In FIG. 7 , the incident direction of the electron beam is [2-40], and the angle formed by the c-axis direction of the main phase core 4 and the incident direction [2-40] is 90°. In addition, in FIG. 8, the incident direction of the electron beam is [13-9-12], and the angle formed by the c-axis direction of the main phase surface layer part 1a and the incident direction [13-9-12] is 52.8°. Therefore, the c-axis direction of the main phase core portion 4 has an angular difference of 47.2° (90−52.8) to 142.8° (90+52.8) from the c-axis direction of the main phase surface layer portion 1 a.

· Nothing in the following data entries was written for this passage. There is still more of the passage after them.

(* Induct on the number of homogeneous components: L_0 - N kills the top one. *)
Lemma L0_eigenvector_eq0 v (lam : CC) :
  L 0 v = lam *: v -> (forall k : nat, lam != k%:R) -> v = 0.
Proof.
move=> + lam_nat; have [N [w [-> w_deg]]] := graded HV v.
elim: N w w_deg => [|N IHN] w w_deg L0v; first by rewrite big_ord0.
pose w' k := (k%:R - N%:R) *: w k.
have w'_deg k : Vdeg mode omega k (w' k).
  by rewrite /Vdeg /w' LvirZ (w_deg k) !scalerA mulrC.
have w'E : (lam - N%:R) *: \sum_(k < N.+1) w k = \sum_(k < N) w' k.
  rewrite scalerBl -L0v Lvir_sum !big_ord_recr /= w_deg scalerDr scaler_sumr.
  rewrite opprD addrACA subrr addr0 -sumrB.
  by apply: eq_bigr => k _; rewrite w_deg /w' scalerBl.
have := IHN w' w'_deg; rewrite -w'E LvirZ L0v scalerA mulrC -scalerA.
move=> /(_ erefl) /eqP; rewrite scaler_eq0 subr_eq0 (negbTE (lam_nat N)).
by move=> /eqP.
Qed.

Lemma form_L0_orth a b (h k : CC) :
  L 0 a = h *: a -> L 0 b = k *: b -> h != k -> form a b = 0.
Proof.
move=> L0a L0b hk; have := form_L0 a b; rewrite L0a L0b formZr formZl => /eqP.
by rewrite -subr_eq0 -mulrBl mulf_eq0 subr_eq0 eq_sym (negbTE hk) => /eqP.
Qed.

Section WeightOne.
Hypothesis HL1 : forall v, Vdeg mode omega 1 v -> L 1 v = 0.

Local Notation V1 := (Vdeg mode omega 1).

Lemma L0_mode_weight1 x y n : V1 x -> V1 y ->
  L 0 (mode x n y) = (1 - n)%:~R *: mode x n y.
Proof.
move=> x1 y1; rewrite (L0_mode (h := 1) (k := 1) n x1 y1).
by congr (_%:~R *: _); lia.
Qed.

From the diffraction spots in Fig. 9, it can be seen that (1) the c-axis of the surface layer 1b of the main phase is basically in the same direction as the c-axis of the surface layer 1a of the main phase, and (2) the c-axis of the surface layer 1b of the main phase is opposite to The c-axis of the main phase core 4 is offset by 47.2° to 142.8°.

In addition, it can be seen from the observation of the cross-sectional photographs and the corresponding electron diffraction results that the deviation of the c-axis direction between the main phase core parts is less than 5°, and the c-axis direction of the main phase surface part 1 and the main phase core part 4 The deviation is more than 5°.

2 shows the results of EPMA analysis of Nd, Fe, Ca, and O atoms on the surface of a sample made of the R-T-B series rare earth sintered magnet of Example 1 made of R/D powder, with the c-plane as the surface. It can be seen from Fig. 2 that Ca exists in roughly the same position as the Nd-rich phase.

In the present invention, by adding the effect of reducing the amount of Ca caused by the Ca removal heat treatment in a vacuum atmosphere to the effect of reducing the amount of Ca caused by vacuum sintering, an R-T-B series rare earth sintered magnet with a greatly reduced amount of Ca can be obtained compared with the prior art . It is considered that this Ca removal reaction proceeds mainly from the surface of the grain boundary portion (R-rich phase) where the diffusion rate is relatively high. The detailed reason is not clear, but it is considered to be that the R-rich phase is purified after Ca removal, and correspondingly, the surface part of the main phase with lattice disorder decreases. The microcrystals in the surface layer of the main phase have random orientation, so the smaller the ratio of the surface layer of the main phase, the higher the degree of grain orientation and the higher the squareness ratio of the sintered magnet as a whole.

Example 2

The R/D powder obtained by the same operation as in Example 1 is packed into a jet mill maintained in an atmosphere of an oxygen concentration of 0.001% (volume), and finely pulverized into an average particle diameter of 4.2 ^mm with a crushing pressure of 7.5 kg/m . μm, the fine powder is recovered to the mineral oil (mineral oil manufactured by Idemitsu Kosan Co., Ltd., trade name: Idemitsu ス-パ-ゾル PA-30, flash point 81 ° C, under 1 atmospheric pressure) located at the discharge port of the pulverizer. The distillation point is 204-282°C, and the kinematic viscosity at room temperature is 2.0cst), forming a slurry.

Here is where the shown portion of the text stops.